With the Marathas being accustomed to a land-based military, Shivaji widened his search for qualified crews for his ships, taking on lower-caste Hindus of the coast who were long familiar with naval operations (the famed "Malabar pirates") as well as Muslim mercenaries.[141] Noting the power of the Portuguese navy, Shivaji hired a number of Portuguese sailors and Goan Christian converts, and made Rui Leitao Viegas commander of his fleet. Viegas was later to defect back to the Portuguese, taking 300 sailors with him.[142]
Shivaji fortified his coastline by seizing coastal forts and refurbishing them, and built his first marine fort at Sindhudurg, which was to become the headquarters of the Maratha navy.[143] The navy itself was a coastal navy, focused on travel and combat in the littoral areas, and not intended to go far out to sea.[144]
Legacy
Shivaji was well known for his strong religious and warrior code of ethics and exemplary character.[citation needed] He was recognized as a great national hero during Indian Independence Movement.[citation needed]
Early depictions
Shivaji was admired for his heroic exploits and clever stratagems in the contemporary accounts of English, French, Dutch, Portuguese and Italian writers.[145] Contemporary Englishmen compared him with Alexander, Hannibal and Julius Caesar. President Aungier of Bombay gives expression to his views about Shivaji in two dispatches to the Directors in London - "He being no less dexterous than Alexander the Great was for, by the agility of his winged men, he took in less than eight months what he had delivered to Jaysingh" and "it is too well known that Shivaji is as second Quintus Sertorius, comes not short of Hannibal for Stratagems."[146][147]

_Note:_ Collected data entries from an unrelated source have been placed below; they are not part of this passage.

(* Fix $\alpha\in(0,1)$. In the two-sided weakly dependent Gaussian testing model described in the context, suppose $n_1\to\infty$ and $n_1/n\to p_1\in(0,1]$ as $n\to\infty$, and let $\mu_{(n_1)}=\max_{i\in\mathcal I_1}|\mu_i|$. If $\lim_{n_1\to\infty}\frac{\sqrt{2\log n_1}}{\mu_{(n_1)}}$ exists and is strictly less than $1$, then for both the two-sided adjusted Bonferroni procedure and the two-sided Sidak procedure, $\lim_{n\to\infty}AnyPwr_{BS}=1$.
   Context: $\Phi$ denotes the standard normal distribution function. Let $(\rho_{ij})_{i,j\ge1}$ be a symmetric array with $\rho_{ii}=1$ and $\rho_{ij}\in(-1,1)$ for $i\ne j$, such that for each $n$ the matrix $\Sigma_n=(\rho_{ij})_{1\le i,j\le n}$ is a valid correlation matrix. Put $\rho_m=\sup_{i\ge1}|\rho_{i,\,i+m}|$ and assume the weak dependence condition: $\gamma:=\sup_{m\ge 1}\rho_m<1$ and $\rho_m=o(1/\log m)$ as $m\to\infty$. For each $n$ one observes $(X_1,\dots,X_n)$, jointly Gaussian with $\mathbb{E}X_i=\mu_i$ (the means may depend on $n$), $\mathrm{Var}(X_i)=1$ and correlation matrix $\Sigma_n$. One tests $H_{0i}:\mu_i=0$ versus $H_{1i}:\mu_i\neq0$, $i=1,\dots,n$. Let $\mathcal I_1=\{i\le n:\mu_i\ne0\}$, $n_1=|\mathcal I_1|$. Define $c_{Bon}(m,\alpha):=\Phi^{-1}\bigl(1-\frac{-\log(1-\alpha)}{m}\bigr)$ and $c_{Sid}(m,\alpha):=\Phi^{-1}\bigl((1-\alpha)^{1/m}\bigr)$. The two-sided adjusted Bonferroni procedure rejects $H_{0i}$ iff $|X_i|>c_{Bon}(2n,\alpha)$; the two-sided Sidak procedure rejects $H_{0i}$ iff $|X_i|>c_{Sid}(2n,\alpha)$. For a procedure rejecting when $|X_i|>c$, $AnyPwr_{BS}=\mathbb{P}\bigl(|X_i|>c\text{ for some }i\in\mathcal I_1\bigr)$. *)

From HB Require Import structures.
From mathcomp Require Import all_boot all_order all_algebra.
From mathcomp Require Import all_classical all_reals all_analysis.
Set Implicit Arguments. Unset Strict Implicit. Unset Printing Implicit Defensive.
Import Order.TTheory GRing.Theory Num.Theory.
Import numFieldNormedType.Exports.
Local Open Scope classical_set_scope.
Local Open Scope ring_scope.

Section Defs.
Variable R : realType.

Definition gauss_law (m v : R) (A : set R) : \bar R :=
  if v == 0 then \d_m A else normal_prob m (Num.sqrt v) A.
Lemma Kfree_witness : Kfree m.+3 witness_graph.
Proof.
apply: Kfree_relpre => [|L]; first exact: (sgraph_join_clique _ (sgraph_pattern k)).2.
rewrite -addn3 addnC; apply: card_join_clique_lt => B.
exact/clique_card_lt3/pattern_triangle_free.
Qed.

Lemma witness_codegree u v : (3 <= k)%N -> ~~ witness_graph u v ->
  (2 ^ k * pattern_mass k ^ m <=
     num_cliques witness_graph (common_nbhd witness_graph u v) m.+1)%N.
Proof.
move=> k3 uv.
have heavy_Y : (2 ^ k * pattern_mass k <= (k + 3) * 2 ^ k * ((k + 3) * 2 ^ k))%N.
  by rewrite /pattern_mass; nia.
have Y_edge : pattern_adj (@PY k true) (PY false) by [].
have [L [cL L_nbhd <- heavy_L]] :=
  join_clique_codegree (sgraph_pattern k) Y_edge heavy_Y (@pattern_common_nbhd k) uv.
apply: leq_trans heavy_L _.
rewrite (eq_bigr (fun p => #|[set v | blowup_label witness_weight v == p]|)); last first.
  by move=> p _; rewrite card_blowup_fibre.
apply: prod_card_fibres_le_num_cliques => // x /(subsetP L_nbhd).
by rewrite !inE.
Qed.

Lemma witness_weight_gt0 p : (0 < witness_weight p)%N.
Proof. by case: p => [[i s|s|[t|j]]|j]; rewrite /= /pattern_mass ?muln_gt0 ?expn_gt0 ?addn3. Qed.

Lemma witness_hom_card (F : finType) (f : rel F) (phi : 'I_witness_order -> F) :
  sgraph f -> Kfree m.+3 f -> is_hom witness_graph f phi -> (2 ^ k <= #|F|)%N.
Proof.
move=> f_sgraph f_free phi_hom.
have [sec secK] := blowup_label_section witness_weight_gt0.
have psi_hom := is_hom_relpre_section secK phi_hom.
have code_image_inj : injective (fun t => phi (sec (inl (PZ (inl t))))).
  move=> t t'; apply: contra_eq => /pattern_code_edge[a [b [ab ta t'b]]].
  exact: join_hom_separates (sgraph_pattern k) f_sgraph f_free psi_hom ab ta t'b.
by have := leq_card _ code_image_inj; rewrite card_ffun card_bool card_ord.
Qed.

End Witness.

Arguments witness_graph : clear implicits.

Lemma nine_mul_exp_le r : (3 <= r)%N -> (9 * (r - 2) ^ (r - 2) <= r ^ r)%N.
Proof.
move=> r3; have -> : (r ^ r = r ^ 2 * r ^ (r - 2))%N by rewrite -expnD subnKC // ltnW.
apply: leq_mul; first by rewrite -[9%N]/(3 ^ 2)%N leq_exp2r.
by rewrite leq_exp2r ?leq_subr // subn_gt0.
Qed.

Local Open Scope ring_scope.

Lemma powR2_le_expn (R : realType) (x : R) (n : nat) : x <= n%:R -> 2 `^ x <= (2 ^ n)%:R.
Proof. by move=> x_le; rewrite natrX -powR_mulrn // ler_powR ?ler1n. Qed.

Lemma witness_density (R : realFieldType) (r k : nat) (eps : R) :
  (3 <= r)%N -> 0 < eps -> 1 < (8 * (r ^ r)%:R * eps)^-1 ->
  k%:R <= (8 * (r ^ r)%:R * eps)^-1 + 3 ->
  eps * (witness_order k (r - 3))%:R ^+ (r - 2) <= (2 ^ k * pattern_mass k ^ (r - 3))%:R.
Proof.
move=> r3 eps_gt0; set a := (8 * _ * eps)^-1 => a_gt1 k_le.
set m := (r - 3)%N; set c := (5 * (k + 3)).+1.
have -> : (r - 2 = m.+1)%N by rewrite /m; lia.
rewrite witness_orderE -natrX.
have -> : ((m.+1 * pattern_mass k) ^ m.+1 = (m.+1 ^ m.+1 * c) * (2 ^ k * pattern_mass k ^ m))%N.
  by rewrite expnMn (expnS (pattern_mass k)) {1}/pattern_mass -/c !mulnA.
rewrite natrM mulrA ler_piMl // natrM.
have nine_le : 9 * (m.+1 ^ m.+1)%:R <= (r ^ r)%:R :> R.
  by rewrite -natrM ler_nat (_ : m.+1 = r - 2)%N ?nine_mul_exp_le //; lia.
(* 9 (r-2)^(r-2) <= r^r and c <= 36 a give eps (r-2)^(r-2) c <= 1/2. *)
have c_le : c%:R <= 36 * a by rewrite /c -addn1 natrD natrM natrD; lra.
have eps_a : 8 * (r ^ r)%:R * eps * a = 1.
  by rewrite /a mulfV // gt_eqF // !mulr_gt0 // ltr0n expn_gt0 (leq_trans _ r3).
have : 0 <= eps * (m.+1 ^ m.+1)%:R * (36 * a - c%:R) by rewrite !mulr_ge0 ?subr_ge0 // ltW.
have : 0 <= eps * a * ((r ^ r)%:R - 9 * (m.+1 ^ m.+1)%:R).
  by rewrite !mulr_ge0 ?subr_ge0 // ltW // (lt_trans ltr01 a_gt1).
nra.
Qed.

Theorem theorem1p7 (R : realType) (r : nat) (eps : R) :
  (3 <= r)%N -> 0 < eps ->
  exists n : nat, (0 < n)%N /\
  exists e : rel 'I_n,
    [/\ sgraph e, Kfree r e,
        (forall u v : 'I_n, u != v -> ~~ e u v ->
           eps * (n%:R ^+ (r - 2)) <= (num_cliques e (common_nbhd e u v) (r - 2))%:R)
      & (forall (F : finType) (f : rel F) (phi : 'I_n -> F),
           sgraph f -> Kfree r f -> is_hom e f phi ->
           (2 : R) `^ ((8 * (r ^ r)%:R * eps)^-1) <= (#|F|)%:R)].
Proof.
move=> r3 eps_gt0; set a := (8 * _ * eps)^-1.
have [a_le1 | a_gt1] := lerP a 1.
  exists 2; split=> //; exists (fun u v => u != v).
  split=> [||u v -> //|F f phi f_sgraph _ phi_hom].
  - by split=> [u v|u]; rewrite ?eqxx // eq_sym.
  - exact: Kfree_complete.
  apply: le_trans (powR2_le_expn (n := 1) a_le1) _.
  by rewrite ler_nat (card_ge2_of_hom f_sgraph phi_hom (isT : ord0 != ord_max :> 'I_2)).
set k := (Num.truncn a + 3)%N; set m := (r - 3)%N.
have r_eq : r = m.+3 by rewrite /m; lia.
exists (witness_order k m); split; first by rewrite witness_orderE /pattern_mass !muln_gt0 expn_gt0.
exists (witness_graph k m); split.
- exact: sgraph_witness.
- by rewrite r_eq; apply: Kfree_witness.
- move=> u v _ uv; apply: le_trans (witness_density r3 eps_gt0 a_gt1 _) _.
    by rewrite natrD lerD2r truncn_le ltW // (lt_trans ltr01 a_gt1).
  by rewrite ler_nat (_ : r - 2 = m.+1)%N ?witness_codegree //; lia.
- move=> F f phi f_sgraph f_free phi_hom.
  apply: le_trans (powR2_le_expn (n := k) (ltW (lt_le_trans (truncnS_gt a) _))) _.
    by rewrite ler_nat /k -addn1 leq_add2l.
  by rewrite ler_nat (witness_hom_card f_sgraph _ phi_hom) // -r_eq.
Qed.
Lemma measurable_hs : measurable_fun [set: P] (hs gamma).
Proof.
rewrite /hs; apply: measurable_funM.
  apply: (measurableT_comp (measurable_powR _)).
  apply: measurable_funM; first exact: measurable_cst.
  exact: measurableT_comp (@measurable_invr R) (@measurable_time R N).
apply: (measurableT_comp (@measurable_expR R)); apply: measurable_funM.
  apply: measurable_sqn => i; under eq_fun do rewrite !mxE.
  by apply: measurable_funB; [exact: measurable_coord | exact: measurable_cst].
apply: (measurableT_comp (@measurable_invr R)).
by apply: measurable_funM; [exact: measurable_cst | exact: measurable_time].
Qed.

Lemma measurable_hts : measurable_fun [set: P] (hts gamma).
Proof.
rewrite /hts; apply: (measurableT_comp (@measurable_expR R)).
apply: measurable_funB.
  by apply: measurable_funN; apply: measurable_dotp => i; exact: measurable_coord.
by apply: measurable_funM; [exact: measurable_cst | exact: measurable_time].
Qed.

Lemma measurable_h_kernel (z : P) : measurable_fun [set: P] (fun w => (h_kernel gamma z w)%:E).
Proof.
apply/measurable_EFinP; apply: measurable_funM; first exact: measurable_F_zsub.
apply: (measurableT_comp (@measurable_invr R)).
by apply: measurable_funM; [exact: measurable_cst | exact: measurable_hs].
Qed.
Lemma point_capmx_eq0 (P E : 'M[F]_n) : \rank P = 1%N -> ~~ (P <= E)%MS ->
  (E :&: P)%MS == 0.
Proof.
move=> rP; apply: contraNT; rewrite -mxrank_eq0 -lt0n => rEP_gt0.
have /eqmxP eqEP : (E :&: P == P)%MS.
  rewrite -(mxrank_leqif_eq (capmxSr E P)) eqn_leq mxrankS ?capmxSr //.
  by rewrite rP.
by rewrite -eqEP capmxSl.
Qed.

End Complements.

Section DisjointSub.
Variable F : fieldType.
Implicit Types A B E H P S T : 'M[F]_7.

Lemma disjoint_subxx A : disjoint_sub A A = (A == 0).
Proof. by rewrite /disjoint_sub -!submx0 (capmx_idPl (submx_refl A)). Qed.

Lemma disjoint_sub_trace H E T E' : (E <= H)%MS -> (H :&: T <= E')%MS ->
  disjoint_sub E E' -> disjoint_sub E T.
Proof.
rewrite /disjoint_sub -!submx0 => sEH sHTE'; apply: submx_trans.
rewrite sub_capmx capmxSl (submx_trans _ sHTE') // sub_capmx capmxSr andbT.
exact: submx_trans (capmxSl _ _) sEH.
Qed.

Lemma disjoint_sub_point P E S T : \rank P = 1%N -> (P <= S :&: T)%MS ->
  (\rank (S :&: T) <= 1)%N -> ~~ (P <= E)%MS -> (E <= S)%MS -> disjoint_sub E T.
Proof.
move=> rP sPST rST nPE sES.
have /eqmxP eqPST : (P == S :&: T)%MS.
  by rewrite -(mxrank_leqif_eq sPST) eqn_leq mxrankS // rP.
have := point_capmx_eq0 rP nPE; rewrite /disjoint_sub -!submx0; apply: submx_trans.
rewrite sub_capmx capmxSl eqPST sub_capmx capmxSr.
by rewrite (submx_trans (capmxSl _ _) sES).
Qed.

End DisjointSub.

Section IndependentFlags.
Variables (F : finFieldType) (C : {set 'M[F]_7 * 'M[F]_7}).
Hypothesis indepC : flag_indep C.

Definition hyperplane_traces (H : 'M[F]_7) : {set 'M[F]_7} :=
  [set E | is_plane E && [exists S, ((E, S) \in C) && (E == H :&: S)%MS]].

Definition solids_off_point (P : 'M[F]_7) : {set 'M[F]_7} :=
  [set S | [exists E, [&& (E, S) \in C, (P <= S)%MS & ~~ (P <= E)%MS]]].

Lemma flag_indep_eq f g : f \in C -> g \in C ->
  disjoint_sub f.1 g.2 -> disjoint_sub g.1 f.2 -> f = g.
Proof.
move=> Cf Cg dfg dgf; apply/eqP.
by have := indepC.2 f g Cf Cg; rewrite /flag_adj dfg dgf !andbT => /negPn.
Qed.

Lemma hyperplane_traces_meet H :
  {in hyperplane_traces H &, forall E E', ~~ disjoint_sub E E'}.
Proof.
move=> E E'; rewrite !inE => /andP[planeE /existsP[S /andP[CES /eqmxP eqE]]].
move=> /andP[_ /existsP[S' /andP[CES' /eqmxP eqE']]]; apply/negP => dEE'.
have sEH : (E <= H)%MS by rewrite eqE capmxSl.
have sE'H : (E' <= H)%MS by rewrite eqE' capmxSl.
have dES' : disjoint_sub E S'.
  by apply: disjoint_sub_trace sEH _ dEE'; rewrite -eqE'.
have dE'S : disjoint_sub E' S.
  by apply: disjoint_sub_trace sE'H _ _; rewrite -?eqE // /disjoint_sub capmxC.
have [eqEE' _] := flag_indep_eq CES CES' dES' dE'S.
move: dEE'; rewrite -eqEE' disjoint_subxx -mxrank_eq0.
by case/andP: planeE => _ /eqP ->.
Qed.

Lemma card_hyperplane_traces H : is_hyperplane H ->
  (#|hyperplane_traces H| <= gauss52 #|F|)%N.
Proof.
case/andP => _ /eqP rH; apply: intersecting_le_gauss52 rH _ _; last first.
  exact: hyperplane_traces_meet.
move=> E; rewrite inE => /andP[/andP[/eqP gE /eqP rE]].
move=> /existsP[S /andP[_ /eqmxP eqE]].
by split=> //; rewrite eqE capmxSl.
Qed.

Lemma solids_off_point_traces_meet P : is_point P ->
  {in solids_off_point P &,
    forall S T, ~~ disjoint_sub (P^C :&: S)%MS (P^C :&: T)%MS}.
Proof.
case/andP => _ /eqP rP S T; rewrite !inE.
move=> /existsP[E /and3P[CES sPS nPE]] /existsP[E' /and3P[CET sPT nPE']].
have /and3P[_ /andP[_ /eqP rS] sES] := indepC.1 _ CES.
have /and3P[_ _ sE'T] := indepC.1 _ CET.
apply/negP => dST.
have rST : (\rank (S :&: T) <= 1)%N.
  have := mxrank_leq_capmx (P^C)%MS (S :&: T)%MS; rewrite mxrank_compl rP.
  suff -> : \rank (P^C :&: (S :&: T)) = 0%N by [].
  apply/eqP; rewrite mxrank_eq0 -submx0 -(eqP dST).
  by rewrite sub_capmx !capmxS ?capmxSl ?capmxSr.
have sPST : (P <= S :&: T)%MS by rewrite sub_capmx sPS sPT.
have dET : disjoint_sub E T := disjoint_sub_point rP sPST rST nPE sES.
have dE'S : disjoint_sub E' S.
  by apply: disjoint_sub_point rP _ _ nPE' sE'T; rewrite capmxC.
have [_ eqST] := flag_indep_eq CES CET dET dE'S.
by move: dST; rewrite -eqST disjoint_subxx -mxrank_eq0 mxrank_compl_capmx // rS rP.
Qed.

Lemma card_solids_off_point P : is_point P ->
  (#|solids_off_point P| <= gauss52 #|F|)%N.
Proof.
move=> pointP; have /andP[_ /eqP rP] := pointP.
have solid_off S : S \in solids_off_point P ->
    [/\ (P <= S)%MS, <<S>>%MS = S & \rank S = 4%N].
  rewrite inE => /existsP[E /and3P[CES sPS _]].
  by have /and3P[_ /andP[/eqP gS /eqP rS] _] := indepC.1 _ CES.
pose trace (S : 'M[F]_7) := <<P^C :&: S>>%MS.
have trace_inj : {in solids_off_point P &, injective trace}.
  move=> S T /solid_off[sPS gS _] /solid_off[sPT gT _] /genmxP/eqmxP eqST.
  by rewrite -gS -gT; apply/eq_genmx/(compl_capmx_inj sPS sPT).
rewrite -(card_in_imset trace_inj).
apply: (@intersecting_le_gauss52 _ _ (P^C)%MS); first by rewrite mxrank_compl rP.
  move=> _ /imsetP[S /solid_off[sPS _ rS] ->].
  by rewrite /trace genmx_id !genmxE capmxSl mxrank_compl_capmx // rS rP.
move=> _ _ /imsetP[S offS ->] /imsetP[T offT ->].
rewrite -mxrank_eq0 (cap_eqmx (genmxE _) (genmxE _)) mxrank_eq0.
exact: solids_off_point_traces_meet.
Qed.

End IndependentFlags.

Theorem lemma3p1 (F : finFieldType) (C : {set 'M[F]_7 * 'M[F]_7})
    (H P : 'M[F]_7) :
  flag_indep C -> is_hyperplane H -> is_point P ->
  let calE := [set E : 'M[F]_7 | is_plane E &&
                 [exists S : 'M[F]_7, ((E, S) \in C) && (E == H :&: S)%MS]] in
  let calS := [set S : 'M[F]_7 | [exists E : 'M[F]_7,
                 [&& (E, S) \in C, (P <= S)%MS & ~~ (P <= E)%MS]]] in
  ((forall E E', E \in calE -> E' \in calE -> ~~ disjoint_sub E E') /\
   (#|calE| <= gauss52 #|F|)%N) /\
  (#|calS| <= gauss52 #|F|)%N.
Proof.
move=> indepC hypH pointP calE calS.
split; first split.
- exact: hyperplane_traces_meet.
- exact: card_hyperplane_traces.
- exact: card_solids_off_point.
Qed.
(* Let $S$ be epsilon-strongly graded and suppose the set of epsilon-central elements of $B(\mathcal{E}_G)^*$ is the finite set $\{e_1,\dots,e_k\}$. Put $e'=1_S-\sum_{j=1}^ke_j$. Then $e_1,\dots,e_k,e'$ are pairwise orthogonal central idempotents of $S$ summing to $1_S$, and $S=\bigoplus_{i=1}^ke_iS\oplus e'S$. Moreover: (i) for each $i$, $e_iS=\bigoplus_{g\in N(e_i)}e_iS_g$ is strongly $N(e_i)$-graded, and $e_i$ cannot be written as $f_1+\dots+f_m$ with $m\ge2$ and $f_1,\dots,f_m\in B(\mathcal{E}_G)^*$ pairwise orthogonal; (ii) if $e'=0$, then $S_N=\bigoplus_{g\in N}S_g$ is strongly $N$-graded, where $N=\bigcap_{i=1}^kN(e_i)$; (iii) if $e'\neq0$, then $e'S=\bigoplus_{g\in G}e'S_g$ is an epsilon-strongly $G$-graded ring (with identity $e'$ and $\epsilon'_g=e'\epsilon_g$).
   Context: $G$ is a group with identity $e$; $S=\bigoplus_{g\in G}S_g$ is an associative unital ring graded by $G$, $R=S_e$, $XY$ denotes finite sums of products. $S$ is epsilon-strongly graded: each ideal $S_gS_{g^{-1}}$ of $R$ has an identity $\epsilon_g$ with $\epsilon_gs=s=s\epsilon_{g^{-1}}$ for $s\in S_g$; $\epsilon_e=1_S$; each $\epsilon_g$ is an idempotent in $Z(R)$. $B(\mathcal{E}_G)$ is the multiplicative semigroup generated by $\{\epsilon_g:g\in G\}$, $B(\mathcal{E}_G)^*=B(\mathcal{E}_G)\setminus\{0\}$, ordered by $a\le b$ iff $a=ab$. For $r\in B(\mathcal{E}_G)^*$, $N(r)=\{g\in G:r\epsilon_g=r\}$. An element $r\in B(\mathcal{E}_G)^*$ is epsilon-central if it is minimal in $B(\mathcal{E}_G)^*$ and $N(r)$ is a subgroup of $G$ (equivalently, for minimal $r$, $r$ is central in $S$). A ring graded by a group $H$ is strongly $H$-graded if $A_gA_h=A_{gh}$ for all $g,h\in H$. *)

From HB Require Import structures.
From mathcomp Require Import all_boot all_algebra.

Set Implicit Arguments.
Unset Strict Implicit.
Unset Printing Implicit Defensive.

Import GRing.Theory.
Local Open Scope ring_scope.

Record is_group (G : eqType) (mul : G -> G -> G) (inv : G -> G) (e : G) : Prop :=
  IsGroup {
    grp_assoc : forall x y z, mul x (mul y z) = mul (mul x y) z;
    grp_idl : forall x, mul e x = x;
    grp_invl : forall x, mul (inv x) x = e }.

Section GradedDefs.

Variables (G : eqType) (mul : G -> G -> G) (inv : G -> G) (e : G).
Variable S : pzRingType.

Definition prodset (X Y : S -> Prop) (z : S) : Prop :=
  exists n (a b : 'I_n -> S),
    (forall i, X (a i)) /\ (forall i, Y (b i)) /\ z = \sum_(i < n) a i * b i.
(* Let $d\ge 2$, $2\le k\le d+1$, and let $y_1,\dots,y_N\in\{1,\dots,k\}$ be labels (the dataset may be class-balanced or class-imbalanced). Let $s>0$ and, for each $i$, let $\alpha_{i1}\ge\frac12$, $\alpha_{i2}\le\alpha_{i1}$, $\beta_{i1},\beta_{i2}\in\mathbb R$. For $\boldsymbol w_1,\dots,\boldsymbol w_k,\boldsymbol z_1,\dots,\boldsymbol z_N\in\mathbb S^{d-1}$ define the GM-Softmax empirical risk $$L=\frac1N\sum_{i=1}^N-\log\frac{\exp(s(\alpha_{i1}\boldsymbol w_{y_i}^{\mathrm T}\boldsymbol z_i+\beta_{i1}))}{\exp(s(\alpha_{i2}\boldsymbol w_{y_i}^{\mathrm T}\boldsymbol z_i+\beta_{i2}))+\sum_{j\ne y_i}\exp(s\boldsymbol w_j^{\mathrm T}\boldsymbol z_i)}.$$ Then for all such configurations satisfying $\sum_{j=1}^k\boldsymbol w_j=0$, $$L\ge\frac1N\sum_{i=1}^N\log\Big[\exp\big(s(\alpha_{i2}-\alpha_{i1}+\beta_{i2}-\beta_{i1})\big)+(k-1)\exp\big(-s(\tfrac1{k-1}+\alpha_{i1}+\beta_{i1})\big)\Big],$$ with equality if and only if $\boldsymbol w_i^{\mathrm T}\boldsymbol w_j=-\frac1{k-1}$ for all $i\ne j$ and $\boldsymbol z_i=\boldsymbol w_{y_i}$ for all $i$. Consequently the minimizers of $L$ subject to $\sum_j\boldsymbol w_j=0$ have the largest possible class margin $\arccos\frac{-1}{k-1}$ and the largest possible minimal sample margin $\frac{k}{k-1}$.
   Context: $\mathbb S^{d-1}$ is the unit sphere in $\mathbb R^d$. Class margin: $m_c(\{\boldsymbol w_i\})=\arccos\big[\max_{i\ne j}\boldsymbol w_i^{\mathrm T}\boldsymbol w_j\big]$ for unit prototypes. Minimal sample margin: $\gamma_{\min}=\min_i\big(\boldsymbol w_{y_i}^{\mathrm T}\boldsymbol z_i-\max_{j\ne y_i}\boldsymbol w_j^{\mathrm T}\boldsymbol z_i\big)$. *)

From HB Require Import structures.
From mathcomp Require Import all_boot all_order all_algebra.
From mathcomp Require Import all_classical all_reals all_analysis.
Set Implicit Arguments. Unset Strict Implicit. Unset Printing Implicit Defensive.
Import Order.TTheory GRing.Theory Num.Theory.
Local Open Scope classical_set_scope.
Local Open Scope ring_scope.

Section Defs.
Variables (R : realType) (d k N : nat).

Definition dotv (u v : 'rV[R]_d) : R := \sum_(t < d) u ord0 t * v ord0 t.

Definition on_sphere (u : 'rV[R]_d) : Prop := dotv u u = 1.

Definition GM_loss (s : R) (a1 a2 b1 b2 : 'I_N -> R) (y : 'I_N -> 'I_k)
    (W : 'I_k -> 'rV[R]_d) (Z : 'I_N -> 'rV[R]_d) : R :=
  (N%:R)^-1 * \sum_(i < N)
    - ln (expR (s * (a1 i * dotv (W (y i)) (Z i) + b1 i)) /
          (expR (s * (a2 i * dotv (W (y i)) (Z i) + b2 i)) +
           \sum_(j < k | j != y i) expR (s * dotv (W j) (Z i)))).

Definition GM_bound (s : R) (a1 a2 b1 b2 : 'I_N -> R) : R :=
  (N%:R)^-1 * \sum_(i < N)
    ln (expR (s * (a2 i - a1 i + b2 i - b1 i)) +
        (k.-1)%:R * expR (- (s * (((k.-1)%:R)^-1 + a1 i + b1 i)))).

Definition class_margin (W : 'I_k -> 'rV[R]_d) : R :=
  acos (sup [set dotv (W p.1) (W p.2) | p in [set p : 'I_k * 'I_k | p.1 != p.2]]).

Definition sample_margin (y : 'I_N -> 'I_k) (W : 'I_k -> 'rV[R]_d)
    (Z : 'I_N -> 'rV[R]_d) (i : 'I_N) : R :=
  dotv (W (y i)) (Z i) - sup [set dotv (W j) (Z i) | j in [set j | j != y i]].

Definition min_sample_margin (y : 'I_N -> 'I_k) (W : 'I_k -> 'rV[R]_d)
    (Z : 'I_N -> 'rV[R]_d) : R :=
  inf [set sample_margin y W Z i | i in [set: 'I_N]].

Definition feasible (W : 'I_k -> 'rV[R]_d) (Z : 'I_N -> 'rV[R]_d) : Prop :=
  (forall j, on_sphere (W j)) /\ (forall i, on_sphere (Z i)) /\
  \sum_(j < k) W j = 0.

End Defs.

Mughal depictions of Shivaji were largely negative, referring to him simply as "Shiva" without the honorific "-ji". One Mughal writer in the early 1700s described Shivaji's death as kafir bi jahannum raft ("the infidel went to Hell").[119] Muslim writers of the day generally described him as a plunderer and marauder.[148]
Reimagining
In the mid-19th century, Maharashtrian social reformer Jyotirao Phule wrote his own interpretation of the Shivaji legend, portraying Shivaji as a hero of the shudras and Dalits.[149] Phule sought to use the Shivaji mythos to undermine the Brahmins he accused of hijacking the narrative, and uplift the lower classes; his 1869 ballad-form story of Shivaji was met with great hostility by the Brahim-dominated media.[149] At the end of the 19th century, Shivaji's memory was leveraged by the non-Brahmin intellectuals of Bombay, who identified as his descendants and through him claimed the kshatriya varna.[150] While some Brahmins rebutted this identity, defining them as of the lower shudra varna, other Brahmins recognised the Maratha's utility to the Indian independence movement, and endorsed this kshatriya legacy and the significance of Shivaji.[150]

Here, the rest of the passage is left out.